Kenya’s High Court has heard a challenge against old colonial laws that target the lesbian, gay, bisexual and transgender (LGBT) community in Kenya this week. Rights group the Kenyan National Gay and Lesbian Rights Commission (NGLHRC) has argued that sections of the Kenyan Penal Code are in breach of the Constitution and deny basic rights to Kenyan citizens. The case, filed in 2016, seeks to strike down sections of the Kenyan Penal Code that criminalize consensual same sex relations between adults.

Eric Gitari, Executive Director of NGLHRC — and the main petitioner — states that sections of the Penal Code are used to justify violence against LGBT persons in Kenya. Mr. Gitari’s organization has recorded over 1,000 incidents of violations against LGBT people since 2014 — ranging from murder to mob violence, rape, blackmail and extortion.

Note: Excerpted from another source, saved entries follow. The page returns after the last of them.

(* For [g = (a b; c d)] the fibre of [Gamma g] consists of the vectors
   [+- (a', b') = +- g^-1 (al, be)] with [(al, be)] a first column of [Gamma],
   and [b' = c (x be - al)] for [x = a / c].  So both conditions concern
   [|b'|], and they agree as soon as [|a'|] and [|be|] are comparable whenever
   [b'] is small: from [S_kappa] this follows from discreteness (a short
   column conjugates [T] close to the identity, so [a'] cannot be small too),
   towards [S_kappa] from the translations [T^n], which move [b'] by multiples
   of [c be] and thus, under the cusp bound, keep [|be|] away from [0]. *)

Lemma Rdiv_le_l (x y z : R) : 0 < z -> y <= x * z -> y / z <= x.
Proof.
  intros hz h. replace x with (x * z / z) by (field; lra).
  unfold Rdiv. apply Rmult_le_compat_r; [left; apply Rinv_0_lt_compat|]; lra.
Qed.

Lemma abspow_nz (x k : R) : x <> 0 -> abspow x k = Rpower (Rabs x) k.
Proof. intros hx. unfold abspow. destruct (Req_EM_T x 0); [contradiction | reflexivity]. Qed.

Lemma abspow0 (k : R) : abspow 0 k = 0.
Proof. unfold abspow. destruct (Req_EM_T 0 0); [reflexivity | contradiction]. Qed.

Lemma abspow_gt0 (x k : R) : x <> 0 -> 0 < abspow x k.
Proof. intros hx. rewrite abspow_nz by exact hx. apply exp_pos. Qed.

Lemma abspow_ge0 (x k : R) : 0 <= abspow x k.
Proof.
  destruct (Req_dec x 0) as [-> | hx]; [rewrite abspow0; lra|].
  left; apply abspow_gt0, hx.
Qed.

Lemma abspow_Rabs (x y k : R) : Rabs x = Rabs y -> abspow x k = abspow y k.
Proof.
  intros h.
  destruct (Req_dec x 0) as [-> | hx]; destruct (Req_dec y 0) as [-> | hy];
    try reflexivity.
  - rewrite Rabs_R0 in h. pose proof (Rabs_pos_lt y hy). lra.
  - rewrite Rabs_R0 in h. pose proof (Rabs_pos_lt x hx). lra.
  - rewrite !abspow_nz, h by assumption. reflexivity.
Qed.

Lemma abspow_mult (x y k : R) : abspow (x * y) k = abspow x k * abspow y k.
Proof.
  destruct (Req_dec x 0) as [-> | hx]; [rewrite Rmult_0_l, abspow0; ring|].
  destruct (Req_dec y 0) as [-> | hy]; [rewrite Rmult_0_r, abspow0; ring|].
  rewrite !abspow_nz by (try apply Rmult_integral_contrapositive_currified; assumption).
  rewrite Rabs_mult, Rpower_mult_distr; auto using Rabs_pos_lt.
Qed.

Lemma abspow_le (x y k : R) : 0 <= k -> Rabs x <= Rabs y -> abspow x k <= abspow y k.
Proof.
  intros hk hxy.
  destruct (Req_dec x 0) as [-> | hx]; [rewrite abspow0; apply abspow_ge0|].
  assert (hy : y <> 0).
  { intros ->. rewrite Rabs_R0 in hxy. pose proof (Rabs_pos_lt x hx). lra. }
  rewrite !abspow_nz by assumption.
  apply Rle_Rpower_l; [exact hk | split; [apply Rabs_pos_lt|]; assumption].
Qed.

Lemma mmulA (g h k : M2) : mmul g (mmul h k) = mmul (mmul g h) k.
Proof. destruct g, h, k; unfold mmul; simpl; f_equal; ring. Qed.

Lemma minv_mmul (g h : M2) : minv (mmul g h) = mmul (minv h) (minv g).
Proof. destruct g, h; unfold minv, mmul; simpl; f_equal; ring. Qed.

Lemma minvK (g : M2) : minv (minv g) = g.
Proof. destruct g; unfold minv; simpl; f_equal; ring. Qed.

Lemma det_mmul (g h : M2) : det (mmul g h) = det g * det h.
Proof. destruct g, h; unfold det, mmul; simpl; ring. Qed.

Lemma det_minv (g : M2) : det (minv g) = det g.
Proof. destruct g; unfold det, minv; simpl; ring. Qed.

Lemma mmul1m (g : M2) : mmul I2 g = g.
Proof. destruct g; unfold mmul, I2; simpl; f_equal; ring. Qed.

Lemma mmulm1 (g : M2) : mmul g I2 = g.
Proof. destruct g; unfold mmul, I2; simpl; f_equal; ring. Qed.

Lemma mmul_minv (g : M2) : det g = 1 -> mmul g (minv g) = I2.
Proof. destruct g; unfold det, mmul, minv, I2; simpl; intros h; f_equal; lra. Qed.

Lemma mmul_minv_l (g : M2) : det g = 1 -> mmul (minv g) g = I2.
Proof. destruct g; unfold det, mmul, minv, I2; simpl; intros h; f_equal; lra. Qed.

Lemma mapp_mmul (g h : M2) (v : R * R) : mapp (mmul g h) v = mapp g (mapp h v).
Proof. destruct g, h, v; unfold mapp, mmul; simpl; f_equal; ring. Qed.

Lemma mapp_e1 (g : M2) : mapp g e1 = (m11 g, m21 g).
Proof. unfold mapp, e1; simpl; f_equal; ring. Qed.

Definition cusp_coord (g gam : M2) : R * R := mapp (minv g) (mapp gam e1).

Definition fiber_bound (mu nu kappa : R) (v : R * R) : Prop :=
  Rabs (snd v) >= mu \/ abspow (fst v) kappa * Rabs (snd v) >= nu.
Section Brace.
Variables (A : finZmodType) (circ : A -> A -> A) (e : A) (cinv : A -> A).
Hypothesis hB : is_brace circ e cinv.
Implicit Types (a b c x y z w : A) (S W : {set A}).

Local Notation star := (bstar circ).
Local Notation pow := (circ_pow circ e).

Lemma circA a b c : circ a (circ b c) = circ (circ a b) c.
Proof. by case: hB. Qed.

Lemma circ1 a : circ e a = a.
Proof. by case: hB => _ H _ _; case: (H a). Qed.

Lemma circ1r a : circ a e = a.
Proof. by case: hB => _ H _ _; case: (H a). Qed.

Lemma circV a : circ (cinv a) a = e.
Proof. by case: hB => _ _ H _; case: (H a). Qed.

Lemma circVr a : circ a (cinv a) = e.
Proof. by case: hB => _ _ H _; case: (H a). Qed.

Lemma circDr a b c : circ a (b + c) + a = circ a b + circ a c.
Proof. by case: hB. Qed.

Lemma circ0r a : circ a 0 = a.
Proof. by apply: (addrI (circ a 0)); rewrite -circDr !addr0. Qed.

Lemma brace_e0 : e = 0.
Proof. by rewrite -(circ1 0) circ0r. Qed.

Lemma cinv_uniq a b : circ a b = e -> cinv a = b.
Proof. by move=> ab; rewrite -[cinv a]circ1r -ab circA circV circ1. Qed.

Lemma cinvK a : cinv (cinv a) = a.
Proof. exact/cinv_uniq/circV. Qed.

Lemma cinv_circ a b : cinv (circ a b) = circ (cinv b) (cinv a).
Proof. by apply: cinv_uniq; rewrite -circA (circA b) circVr circ1 circVr. Qed.

Definition lam a x := circ a x - a.

Lemma circE a x : circ a x = a + lam a x.
Proof. by rewrite addrC subrK. Qed.

Lemma lamD a : {morph lam a : x y / x + y}.
Proof. by move=> x y; rewrite /lam -[circ a _](addrK a) circDr addrACA addrA. Qed.

Lemma lam0 a : lam a 0 = 0.
Proof. by rewrite /lam circ0r subrr. Qed.

Lemma lamN a x : lam a (- x) = - lam a x.
Proof. by apply/eqP; rewrite -subr_eq0 opprK -lamD addNr lam0. Qed.

Lemma lamMn a x k : lam a (x *+ k) = lam a x *+ k.
Proof. by elim: k => [|k IHk]; rewrite ?mulr0n ?lam0 // !mulrS lamD IHk. Qed.

Lemma lam_circ a b x : lam (circ a b) x = lam a (lam b x).
Proof. by rewrite [lam b x]/lam lamD lamN /lam -circA opprB addrA subrK. Qed.

Lemma lam_e x : lam e x = x.
Proof. by rewrite /lam circ1 brace_e0 subr0. Qed.

Lemma lamK a : cancel (lam a) (lam (cinv a)).
Proof. by move=> x; rewrite -lam_circ circV lam_e. Qed.

Lemma lamVK a : cancel (lam (cinv a)) (lam a).
Proof. by move=> x; rewrite -lam_circ circVr lam_e. Qed.

Lemma addr_circ a x : a + x = circ a (lam (cinv a) x).
Proof. by rewrite circE lamVK. Qed.

Lemma starE a x : star a x = lam a x - x.
Proof. by []. Qed.

Lemma lamE a x : lam a x = x + star a x.
Proof. by rewrite starE addrC subrK. Qed.

Lemma starD a : {morph star a : x y / x + y}.
Proof. by move=> x y; rewrite !starE lamD opprD addrACA. Qed.

Lemma star0 a : star a 0 = 0.
Proof. by rewrite starE lam0 subrr. Qed.

Lemma starN a x : star a (- x) = - star a x.
Proof. by rewrite !starE lamN [RHS]opprB opprK addrC. Qed.

Lemma starMn a x k : star a (x *+ k) = star a x *+ k.
Proof. by elim: k => [|k IHk]; rewrite ?mulr0n ?star0 // !mulrS starD IHk. Qed.

Lemma star0l x : star 0 x = 0.
Proof. by rewrite starE -[in lam 0 x]brace_e0 lam_e subrr. Qed.

Lemma star_circ a b x : star (circ a b) x = lam a (star b x) + star a x.
Proof. by rewrite !starE lam_circ lamD lamN addrA subrK. Qed.

Lemma star_lam c a x : star c (lam a x) = star (circ c a) x - star a x.
Proof. by rewrite !starE lam_circ [in RHS]opprB addrA subrK. Qed.

Lemma lam_cinv a : lam a (cinv a) = - a.
Proof. by apply/eqP; rewrite -addr_eq0 addrC -circE circVr brace_e0. Qed.

Lemma circ_conjE a x : circ (circ a x) (cinv a) = lam a (x + star x (cinv a)).
Proof. by rewrite -circA circE (circE x) (lamE x) !lamD lam_cinv addrCA addNKr. Qed.

Lemma circ_subgroupM S x y :
  is_circ_subgroup circ e cinv S -> x \in S -> y \in S -> circ x y \in S.
Proof. by case/and3P=> _ /forall_inP/(_ x)SM _ Sx Sy; apply: (forall_inP (SM Sx)). Qed.

Lemma circ_subgroup_lam_stable W : is_add_subgroup W ->
  (forall a x, x \in W -> lam a x \in W) -> is_circ_subgroup circ e cinv W.
Proof.
move=> addW lamW; apply/and3P; split.
- by rewrite brace_e0 add_subgroup0.
- by apply/forall_inP=> x Wx; apply/forall_inP=> y Wy; rewrite circE add_subgroupD ?lamW.
- apply/forall_inP=> x Wx.
  by rewrite -[cinv x](lamK x) lam_cinv lamW ?add_subgroupN.
Qed.

Lemma ideal_star_closed W : is_add_subgroup W ->
  (forall a x, x \in W -> star a x \in W) ->
  (forall x a, x \in W -> star x a \in W) -> is_ideal circ e cinv W.
Proof.
move=> addW starW Wstar.
have lamW a x : x \in W -> lam a x \in W by move=> Wx; rewrite lamE add_subgroupD ?starW.
split=> //; split; first exact: circ_subgroup_lam_stable.
by move=> a x Wx; rewrite circ_conjE; apply/lamW/add_subgroupD/Wstar.
Qed.

Fixpoint ann_series k : {set A} :=
  if k is k'.+1 then [set x | [forall a, star a x \in ann_series k']] else [set 0].

Lemma ann_series0 x : (x \in ann_series 0) = (x == 0).
Proof. exact: in_set1. Qed.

“We receive cases of women who have been brutally beaten and raped because their family or neighbors found out they were lesbian. Or incidents where individuals go to the police seeking help only to have the police attack them. In one such case where our client tried to report a robbery, he was pushed into a cell by police officers, forcibly undressed, beaten, choked and had his hair shaved and burnt off because he ‘was dressed very gay.’ These are not the national values Kenyans aspire to.”

Mr. Gitari states that the law stands in stark contrast to the ideals of the Constitution of Kenya. Enshrined in 2010, the Constitution is one of the strongest on the continent on the rights and guarantees the freedom and dignity of all Kenyan citizens.

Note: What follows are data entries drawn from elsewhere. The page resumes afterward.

Variables (F f : R -> R) (a : R) (b : option R).
Hypotheses
  (hbnd : forall x, 0 <= F x <= 1)
  (hcont : continuity F)
  (ha : 0 <= a)
  (hlow : forall x, x <= a -> F x = 0)
  (hhigh : match b with Some b' => forall x, b' <= x -> F x = 1 | None => True end)
  (hder : forall x, in_int a b x -> derivable_pt_lim F x (f x) /\ f x > 0)
  (hphi : forall x y, in_int a b x -> in_int a b y -> x <= y ->
            x - (1 - F x) / f x <= y - (1 - F y) / f y).

Lemma in_int_between (x y z : R) :
  in_int a b x -> in_int a b y -> x <= z <= y -> in_int a b z.
Proof. unfold in_int; destruct b; intros [? ?] [? ?] ?; split; lra. Qed.

Lemma left_end_lt_of_F_pos (x : R) : 0 < F x -> a < x.
Proof.
  intro hF0. destruct (Rle_or_lt x a) as [h|h]; [rewrite (hlow x h) in hF0; lra | exact h].
Qed.

Lemma in_int_of_F_lt_1 (x : R) : a < x -> F x < 1 -> in_int a b x.
Proof.
  intros hax hF1. split; [exact hax|].
  destruct b as [b'|]; [|exact I].
  destruct (Rle_or_lt b' x) as [h|h]; [rewrite (hhigh x h) in hF1; lra | exact h].
Qed.

(* F is positive inside the support (mean value theorem on ((a+x)/2, x)). *)
Lemma F_pos (x : R) : in_int a b x -> 0 < F x.
Proof.
  intro hx. set (m := (a + x) / 2).
  assert (hm : in_int a b m)
    by (destruct hx; apply (in_int_between m x m); unfold in_int in *; destruct b;
        unfold m in *; repeat split; lra).
  assert (hmx : m < x) by (destruct hx; unfold m; lra).
  destruct (MVT_cor2 F f m x hmx) as [c [hc hcmx]].
  { intros c hc. apply hder, (in_int_between m x c); auto. }
  assert (f c > 0) by (apply hder, (in_int_between m x c); auto; lra).
  assert (0 <= F m) by apply hbnd.
  nra.
Qed.

(* With c = -phi(x), the function
   g z = z (1 - F z) - c F z has derivative f z (phi x - phi z) >= 0 on (a, x],
   so g a = a <= g x = x - F x (1 - F x) / f x. *)
Lemma density_lower_bound (x : R) : in_int a b x -> F x * (1 - F x) <= x * f x.
Proof.
  intro hx. destruct (hder x hx) as [_ hfx].
  set (c := (1 - F x) / f x - x).
  set (g := fun z => z * (1 - F z) - c * F z).
  assert (hga : g a = a) by (unfold g; rewrite (hlow a (Rle_refl a)); ring).
  assert (hgx : g x = x - F x * (1 - F x) / f x) by (unfold g, c; field; lra).
  assert (hcont_g : continuity_pt g a).
  { exact (continuity_pt_minus _ _ a
      (continuity_pt_mult id _ a (derivable_continuous_pt _ _ (derivable_pt_id a))
         (continuity_pt_minus _ F a (continuity_pt_const (fct_cte 1) a (fun _ _ => eq_refl))
            (hcont a)))
      (continuity_pt_scal F c a (hcont a))). }
  assert (hmono : g a <= g x).
  { apply le_of_right_limit; [destruct hx; lra | exact hcont_g |].
    intros y hy. apply nondecreasing_of_deriv_nonneg
      with (g' := fun z => 1 * (1 - F z) + z * (0 - f z) - c * f z); [lra|].
    intros z hz.
    assert (hzint : in_int a b z)
      by (apply (in_int_between y x z); [unfold in_int in *; destruct b; intuition lra | auto | lra]).
    destruct (hder z hzint) as [hFz hfz]. split.
    - exact (derivable_pt_lim_minus _ _ _ _ _
        (derivable_pt_lim_mult id (fct_cte 1 - F)%F z 1 (0 - f z) (derivable_pt_lim_id z)
           (derivable_pt_lim_minus (fct_cte 1) F z 0 (f z) (derivable_pt_lim_const 1 z) hFz))
        (derivable_pt_lim_scal F c z (f z) hFz)).
    - assert (hphiz := hphi z x hzint hx ltac:(lra)).
      replace (1 * (1 - F z) + z * (0 - f z) - c * f z)
        with (f z * ((x - (1 - F x) / f x) - (z - (1 - F z) / f z)))
        by (unfold c; field; lra).
      apply Rmult_le_pos; lra. }
  rewrite hga, hgx in hmono.
  assert (hdiv : F x * (1 - F x) / f x <= x) by lra.
  apply Rmult_le_reg_r with (/ f x); [apply Rinv_0_lt_compat; lra|].
  replace (x * f x * / f x) with x by (field; lra). exact hdiv.
Qed.

(* z (1 - F z) / F z is non-increasing on the support: its derivative is
   (F z (1 - F z) - z f z) / F z^2 <= 0.  Stated in cross-multiplied form. *)
Lemma markup_ratio_antitone (x y : R) : in_int a b x -> in_int a b y -> x <= y ->
  y * (1 - F y) * F x <= x * (1 - F x) * F y.
Proof.
  intros hx hy hxy.
  assert (hFx := F_pos x hx). assert (hFy := F_pos y hy).
  set (u := fun z => z * (1 - F z) / F z).
  assert (hu : - u x <= - u y).
  { apply nondecreasing_of_deriv_nonneg with (g := (- u)%F)
      (g' := fun z => - (((1 * (1 - F z) + z * (0 - f z)) * F z - f z * (z * (1 - F z)))
                         / (F z)²)); [exact hxy|].
    intros z hz.
    assert (hzint : in_int a b z) by (apply (in_int_between x y z); auto).
    assert (hFz := F_pos z hzint).
    destruct (hder z hzint) as [hdz _]. split.
    - apply derivable_pt_lim_opp.
      exact (derivable_pt_lim_div _ F z _ _
        (derivable_pt_lim_mult id (fct_cte 1 - F)%F z 1 (0 - f z) (derivable_pt_lim_id z)
           (derivable_pt_lim_minus (fct_cte 1) F z 0 (f z) (derivable_pt_lim_const 1 z) hdz))
        hdz ltac:(lra)).
    - assert (hlb := density_lower_bound z hzint).
      replace (((1 * (1 - F z) + z * (0 - f z)) * F z - f z * (z * (1 - F z))) / (F z)²)
        with ((F z * (1 - F z) - z * f z) / (F z)²) by (unfold Rsqr; field; lra).
      assert (0 < / (F z)²) by (apply Rinv_0_lt_compat; unfold Rsqr; nra).
      assert (0 <= (z * f z - F z * (1 - F z)) * / (F z)²)
        by (apply Rmult_le_pos; lra).
      unfold Rdiv. lra. }
  unfold u in hu.
  replace (y * (1 - F y) * F x) with (y * (1 - F y) / F y * (F x * F y)) by (field; lra).
  replace (x * (1 - F x) * F y) with (x * (1 - F x) / F x * (F x * F y)) by (field; lra).
  apply Rmult_le_compat_r; nra.
Qed.

Lemma symmetric_revenue_bound (d : nat) (T T' : R) :
  (2 <= d)%nat -> F T = 1 - 1 / INR d -> 0 < T' ->
  T' * F T' ^ d * (1 - F T') <= 2 * (T / INR d).
Proof.
  intros hd hFT hT'.
  assert (HD : 2 <= INR d) by (apply (le_INR 2); lia).
  assert (hinv := inv_nat_le_half d hd).
  assert (haT : a < T) by (apply left_end_lt_of_F_pos; lra).
  assert (hT : in_int a b T) by (apply in_int_of_F_lt_1; lra).
  assert (hTpos : 0 < T) by (destruct hT; lra).
  set (r := F T') in *.
  assert (hr := hbnd T'). fold r in hr.
  assert (0 <= r ^ d) by (apply pow_le; lra).
  assert (r ^ d <= 1) by (rewrite <- (pow1 d); apply pow_incr; lra).
  unfold Rdiv. replace (T * / INR d) with (T * (1 / INR d)) by (field; lra).
  destruct (Rle_or_lt T' T) as [hle|hlt].
  - (* below T the factor r^d (1-r) alone is at most 1/d *)
    assert (hpow := pow_mul_one_minus_le d r ltac:(lia) hr).
    assert (r ^ d * (1 - r) <= 1 / INR d).
    { apply Rmult_le_reg_l with (INR d); [lra|].
      replace (INR d * (1 / INR d)) with 1 by (field; lra). lra. }
    assert (0 <= r ^ d * (1 - r)) by nra.
    nra.
  - (* above T the monotone markup ratio gives T' (1-r) (1-1/d) <= T r / d *)
    destruct (Rle_lt_or_eq_dec r 1 (proj2 hr)) as [hr1|hr1]; [|rewrite hr1; nra].
    assert (hT'int : in_int a b T') by (apply in_int_of_F_lt_1; fold r; lra).
    assert (hratio := markup_ratio_antitone T T' hT hT'int ltac:(lra)).
    fold r in hratio. rewrite hFT in hratio.
    assert (hpos : 0 <= T' * (1 - r)) by nra.
    assert (0 < T * (1 / INR d)) by (apply Rmult_lt_0_compat; lra).
    assert (hTr : T * (1 - (1 - 1 / INR d)) * r <= T * (1 / INR d))
      by (replace (1 - (1 - 1 / INR d)) with (1 / INR d) by ring; nra).
    assert (T' * (1 - r) * (1 / 2) <= T' * (1 - r) * (1 - 1 / INR d)) by nra.
    nra.
Qed.

End RegularDistribution.

Theorem lemma4p2 (n d : nat) (nb : nat -> list nat) (F : R -> R) (T p : R)
  (hd : (2 <= d)%nat)
  (hG : is_graph n nb) (hreg : d_regular n d nb)
  (hF : regular F)
  (hT : is_Finv F (1 - 1 / INR d) T)
  (hp : p = T * (1 - 1 / INR d) ^ d) :
  forall p' T' : R, p' > 0 -> T' * F T' ^ d = p' ->
    revenue n F (unif p) (unif T) >= 1 / 16 * revenue n F (unif p') (unif T').
Proof.
  intros p' T' hp' hT'.
  destruct hF as [[_ [hbnd _]] [hcont [a [b [f [ha [_ [hlow [hhigh [hder hphi]]]]]]]]]].
  destruct hT as [hFT _].
  assert (HD : 2 <= INR d) by (apply (le_INR 2); lia).
  assert (hq := one_minus_inv_pow_ge d hd).
  assert (hT'pos : 0 < T').
  { destruct (Rle_or_lt T' 0) as [h|h]; [|exact h].
    assert (0 <= F T' ^ d) by (apply pow_le, hbnd). nra. }
  assert (hbound := symmetric_revenue_bound F f a b hbnd hcont ha hlow hhigh hder hphi
                      d T T' hd hFT hT'pos).
  assert (0 <= T' * F T' ^ d * (1 - F T')).
  { assert (0 <= F T' ^ d) by (apply pow_le, hbnd).
    assert (F T' <= 1) by apply hbnd. apply Rmult_le_pos; nra. }
  assert (hrev : p * (1 - F T) = (1 - 1 / INR d) ^ d * (T / INR d))
    by (rewrite hp, hFT; field; lra).
  rewrite !revenue_unif, hrev, <- hT'.
  assert (Hn : 0 <= INR n) by apply pos_INR.
  assert (0 <= INR n * (T / INR d)) by (apply Rmult_le_pos; lra).
  apply Rmult_le_compat_l with (r := INR n) in hbound; [|exact Hn].
  nra.
Qed.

We have a constitution that carries the will of the Kenyan people and that says no one should be discriminated against, yet these laws do just that.

Eric Gitari, NGLHRC

The disputed provisions were introduced by the British in 1897 and make vague reference to “carnal knowledge against the order of nature” and “gross indecency.” The Attorney General will argue that the law bans any sexual act that cannot produce offspring, as well as prohibiting sexual contact between men. Punishment for breaking these laws is up to fourteen years’ and five years’ imprisonment respectively.

“These laws far from being about morality are used to justify discrimination, violence, harassment and invasive intrusion of the private lives of Kenyan citizens,” Mr. Gitari states.

Represented by Senior Counsel Paul Muite, a renowned legal figure and fierce advocate for the respect of the Bill of Rights in Kenya, the NGLHRC will argue its case on Thursday at the Milimani Law Courts in Nairobi. If successful, the petition has the potential to change the tide for LGBT activists and rights group on the African continent as the East African country is seen a regional leader.

The case was heard alongside a similar petition brought forward by the Gay and Lesbian Coalition of Kenya (GALCK) and Nyanza Rift Valley and Western Kenya (NYARWEK) LGBT coalition seeking to have these provisions declared unconstitutional.